I know all our thoughts will be with our 999 colleagues in Brussels this week, and those affected by the tragic incidents. It really is emergency care at its most challenging, and can appreciate only too well what difficulties the teams over there will have faced in the last 72-hours. It is a desperately sad situation that we find ourselves in where senseless attacks like these happen.

My emails to you over the last week about the recent Executive Team proposal has generated a lot of discussion, and in some cases it seems, some confusion. I hope you will have by now had time to read my follow-up email clarifying a few points, but as per the red watermark across each page, this is a proposal released to staff side for consultation. So essentially, the Trust’s position is that everything in the document is subject to change through dialogue – including dates and actions. Until the Trust has completed discussions with UNISON, there is certainly no final position to implement.

It also appears that there has been a wider misunderstanding about the meal-break element of the proposal, in terms of when the meal-break would start. The Trust’s proposal is that the meal break, or rest period, would start within five minutes of arriving at the nearest EEAST location (after clearing from the first call that ends within the meal break window). At no stage has it ever been intended or inferred that staff should have meal breaks in vehicles or not have access to basic facilities – this is simply not the case. 

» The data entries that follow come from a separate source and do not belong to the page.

Lemma final_simulation (C : config M) : final C ->
  det_steps (12 + nst M + N + 3) (App loop (enc_config C))
    (Val (Lam (App (Val (Var 0)) (enc_config C)))).
Proof.
case: C => [[[s a] r] q] Hq; rewrite /final /= in Hq.
have Hd : delta q a = None by have := delta_dom q a; rewrite Hq eqxx; case: delta.
apply: det_steps_trans (loop_transition _ _ _ _) _ => //.
by rewrite /transition_term Hd; apply: halt_term_step.
Qed.

Lemma run_simulation n (C D : config M) : tm_steps n C D -> final D ->
  exists2 j, j <= n.+1 * step_cost &
    det_steps j (App loop (enc_config C)) (Val (Lam (App (Val (Var 0)) (enc_config D)))).
Proof.
elim=> {n C D} [C|n C C' D HCC' _ IH] HD.
  by exists (12 + nst M + N + 3); [rewrite /step_cost; lia | apply: final_simulation].
have [j /andP[_ Hj] HCC'j] := tm_step_simulation HCC'.
have [j' Hj' HC'D] := IH HD.
by exists (j + j'); [rewrite mulSn; lia | apply: det_steps_trans HCC'j HC'D].
Qed.

Lemma closed_trans : closed_t 0 trans.
Proof. by cbn; rewrite (closed_v0 _ closed_driver). Qed.

Lemma trans_unfold k (C : config M) :
  det_steps 2 (App (App trans k) (enc_config C)) (App (App loop (enc_config C)) k).
Proof.
apply: det_cons (det_ctx _ (det_beta _ _)) _.
apply: det_cons (det_beta _ _) _; cbn.
by rewrite !(@subst_closed_v driver) //= (proj2 subst_lift); apply: det_refl.
Qed.

Definition halts (C : config M) : Prop := exists n D, final D /\ tm_steps n C D.

Lemma tm_step_total (C : config M) : ~ final C -> exists C', tm_step C C'.
Proof.
case: C => [[[s a] r] q]; rewrite /final /= => /eqP Hq.
have := delta_dom q a; rewrite Hq.
case E: (delta q a) => [[[q' b] []]|] // _.
- case/lastP: s => [|s c].
    by exists ([::], blank M, b :: r, q'); apply: tm_left_edge.
  by exists (s, c, b :: r, q'); apply: tm_left.
- case: r => [|c r].
    by exists (rcons s b, blank M, [::], q'); apply: tm_right_edge.
  by exists (rcons s b, c, r, q'); apply: tm_right.
- by exists (s, b, r, q'); apply: tm_stay.
Qed.

Lemma nonhalting_step (C : config M) : ~ halts C -> exists2 C', tm_step C C' & ~ halts C'.
Proof.
move=> HC; have [|C' HCC'] := tm_step_total (C := C).
  by move=> HfC; apply: HC; exists 0, C; split=> //; apply: tm_refl.
by exists C' => // -[n [D [HD HC'D]]]; apply: HC; exists n.+1, D; split=> //; apply: tm_cons HC'D.
Qed.

(* Each machine step costs at least one reduction step, so the run never stalls. *)
Lemma nonhalting_diverges k (C : config M) :
  ~ halts C -> diverges (App (App trans k) (enc_config C)).
Proof.
move=> HC; pose P t := exists2 C', ~ halts C' & t = App (App loop (enc_config C')) k.
apply: (diverges_of_progress (P := P) _ (trans_unfold k C)); last by exists C.
move=> _ [C' HC' ->]; have [C'' HC'C'' HC''] := nonhalting_step HC'.
have [[|j] // _ Hj] := tm_step_simulation HC'C''.
exists j, (App (App loop (enc_config C'')) k); split; last by exists C''.
exact: (det_steps_apps [:: k]).
Qed.
End Simulation.

Theorem mainTheorem8 (M : TM) :
  exists (trans : term) (c : nat),
    closed_t 0 trans /\
    forall (k : value) (C : config M),
      (forall (n : nat) (D : config M),
          final D -> tm_steps n C D ->
          exists m, m <= c * n.+1 /\
            det_steps m (App (App trans k) (enc_config C)) (App (Val k) (enc_config D))) /\
      ((~ exists (n : nat) (D : config M), final D /\ tm_steps n C D) ->
          diverges (App (App trans k) (enc_config C))).
Proof.
exists (trans M), (step_cost M + 3); split; first exact: closed_trans.
move=> k C; split; last exact: nonhalting_diverges.
move=> n D HD HCD; have [j Hj HCD'] := run_simulation HCD HD.
exists (2 + (j + 1)); split; first by rewrite mulnDl mulnC; lia.
apply: det_steps_trans (trans_unfold k C) _.
apply: det_steps_trans (det_steps_apps [:: k] HCD') _.
apply: det_cons (det_beta _ _) _.
by rewrite /= subst_closed_v ?closed_enc_config //; apply: det_refl.
Qed.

We held our latest Board meeting yesterday (23rd March), this month in Luton.  Key topics that were discussed were staff welfare and patient safety.   I want to thank those staff who attended and presented to the Board about their first hand experiences of traumatic incidents and the support they received. We have made huge steps with the rollout of TRiM thanks to the work of our colleague Martin – on your payslip this month will be a leaflet giving more details about TRiM, please take the time to read it.

Clearly this is an area we need to keep investing in and am pleased that our Health and Wellbeing Manager, Debra, is pulling this all together and looking at creating a wellbeing hub for the benefit of all colleagues.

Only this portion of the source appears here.